Now let’s take a look how many reads of the decontaminated data were actually classified by your kraken2 run.
metainfo_gg2 <- metainfo %>%
gather(key="classified",value="counts",-c(Sample, group, MouseID, timepoint, mocktreat, host, nohost))
head(metainfo_gg2)
## # A tibble: 6 x 9
## Sample group MouseID timepoint mocktreat host nohost classified counts
## <chr> <chr> <chr> <chr> <chr> <dbl> <dbl> <chr> <dbl>
## 1 Sample3 Yc 5 Pre-Abx A 10705 989295 classified 213543
## 2 Sample4 Yc 8 Pre-Abx B 17679 982321 classified 162069
## 3 Sample6 Pools old pool Pre-Abx A 79875 920125 classified 197122
## 4 Sample13 Yc 3 Pre-Abx B 10160 989840 classified 171695
## 5 Sample22 Yp 4 Pre-Abx A 241620 758380 classified 176953
## 6 Sample25 Yc 4 Pre-Abx B 27436 972564 classified 181963
ggplot(metainfo_gg2, aes(x=Sample, y=counts)) +
geom_bar(stat="identity",position="stack", aes(fill=classified)) +
theme(axis.text.x = element_text(angle=45, hjust=1)) +
facet_grid(. ~ mocktreat, scales="free_x",space = "free_x")

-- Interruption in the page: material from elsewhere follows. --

(* Let $b>0$, $\beta\in(0,1)$, and let $R>0$ be such that, for the functions $\underline u_{\rm out}(r) = Lr^{-m} - br^{-l} \log \frac{r}{R}$, $\underline v_{\rm out}(r) = m(n-2-m)Lr^{-m-2} +\big[- l(n-2-l) \log \frac{r}{R} + (n-2-2l)\big]br^{-l-2}$, $\underline w_{\rm out}(r) = m(m+2)(n-2-m)(n-4-m)Lr^{-m-4} - l(l+2)(n-2-l)(n-4-l)br^{-l-4} \log \frac{r}{R} + (n-2-2l)(l+2)(n-4-l) b r^{-l-4}$, the numbers $\underline r_1 = \sup\{ r>0 : \underline u_{\rm out}(r) \leqslant 0 \}$, $\underline r_2 = \sup\{ r>0 : \underline v_{\rm out}(r) \leqslant 0 \}$, $\underline r_3 = \sup\{ r>0 : \underline w_{\rm out}(r) \leqslant 0 \}$ are well defined and satisfy $R<\underline r_1<\underline r_2<\underline r_3<+\infty$. For $c>0$ and $r>R$ define, writing $\ell(r)=\log\frac{r}{R}$, \[ \begin{aligned} \overline u_{\rm out}(r) &= Lr^{-m} -b r^{-l} \ell + cr^{-l} \ell^{\beta},\\ \overline v_{\rm out}(r) &= m(n-2-m)Lr^{-m-2} - \big[ l(n-2-l) \ell - (n-2-2l)\big] br^{-l-2} \\ &\quad + \big[ l(n-2-l) \ell^{\beta} -\beta(n-2-2l) \ell^{\beta-1} +\beta(1-\beta) \ell^{\beta-2} \big]cr^{-l-2},\\ \overline w_{\rm out}(r) &= m(m+2)(n-2-m)(n-4-m)Lr^{-m-4} - (l+2)(n-4-l) \big[ l(n-2-l) \ell -(n-2-2l) \big]br^{-l-4}\\ &\quad +\Big[ l (l+2) (n-2-l) (n-4-l) \ell^{\beta} - \beta(n-2-2l) (l+2)(n-4-l) \ell^{\beta-1} \\ &\qquad +\beta(1-\beta) \big(l(n-2-l)+(l+2)(n-4-l)\big) \ell^{\beta-2} + \beta(1-\beta)(2-\beta) (n-2-2l) \ell^{\beta-3} \\ &\qquad - \beta(1-\beta)(2-\beta)(3-\beta) \ell^{\beta-4} \Big]cr^{-l-4}. \end{aligned} \] Then there exists $c_1>0$ such that for all $c>c_1$, \[ -\Delta \overline u_{\rm out} = \overline v_{\rm out} \ \text{ for all } r>R,\qquad -\Delta \overline v_{\rm out} = \overline w_{\rm out} \ \text{ for all } r>R,\qquad -\Delta \overline w_{\rm out} \geqslant \overline u_{\rm out}^p \ \text{ for all } r>\overline r_1, \] where $\overline r_1 = R \exp\big((c/b)^{\frac{1}{1-\beta}}\big)$.
   Context: Let $n\geqslant 15$ and $p=p_{\mathsf{JL}}(6,n)$, where $p_{\mathsf{JL}}(6,n)=\frac{(n+4)\sqrt{3} - \sqrt{\sqrt[3]{K_0+K_1}+ \sqrt[3]{K_0-K_1} + 3n^2+32 }}{(n-8)\sqrt{3} - \sqrt{\sqrt[3]{K_0+K_1} + \sqrt[3]{K_0-K_1} + 3n^2+32 }}$ with $2K_0 =-27n^6+324 n^5-756n^4-2592 n^3 + 25776 n^2 +5184 n -23744$, $2K_1 = \sqrt{(2K_0)^2 - 4(192n^2+256)^3}$. Let $m=6/(p-1)$, $L=\big(m(m+2)(m+4)(n-2-m)(n-4-m)(n-6-m)\big)^{1/(p-1)}$, let $\lambda_3$ be the smallest positive root of $P(\lambda)=(m+\lambda)(m+\lambda+2)(m+\lambda+4)(n-2-m-\lambda)(n-4-m-\lambda)(n-6-m-\lambda)-pL^{p-1}$, and set $l=m+\lambda_3$. For a function $f$ of $r=|x|$, $\Delta f$ denotes the Laplacian in $\mathbf R^n$ of $x\mapsto f(|x|)$, i.e. $f''+\frac{n-1}{r}f'$. *)

From Stdlib Require Import Reals.
From Coquelicot Require Import Coquelicot.
Open Scope R_scope.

Let’s now plot host reads, classified fraction and unclassified fraction into the same plot.
metainfo_gg3 <- metainfo %>%
gather(key="reads",value="counts",-c(Sample, group, MouseID, timepoint, mocktreat, nohost))
head(metainfo_gg3)
## # A tibble: 6 x 8
## Sample group MouseID timepoint mocktreat nohost reads counts
## <chr> <chr> <chr> <chr> <chr> <dbl> <chr> <dbl>
## 1 Sample3 Yc 5 Pre-Abx A 989295 classified 213543
## 2 Sample4 Yc 8 Pre-Abx B 982321 classified 162069
## 3 Sample6 Pools old pool Pre-Abx A 920125 classified 197122
## 4 Sample13 Yc 3 Pre-Abx B 989840 classified 171695
## 5 Sample22 Yp 4 Pre-Abx A 758380 classified 176953
## 6 Sample25 Yc 4 Pre-Abx B 972564 classified 181963
ggplot(metainfo_gg3, aes(x=Sample, y=counts)) +
geom_bar(stat="identity",position="stack", aes(fill=reads)) +
theme(axis.text.x = element_text(angle=45, hjust=1)) +
facet_grid(. ~ mocktreat, scales="free_x",space = "free_x")
In general we can see that the number of reads classified by kraken2 were pretty similar across the samples.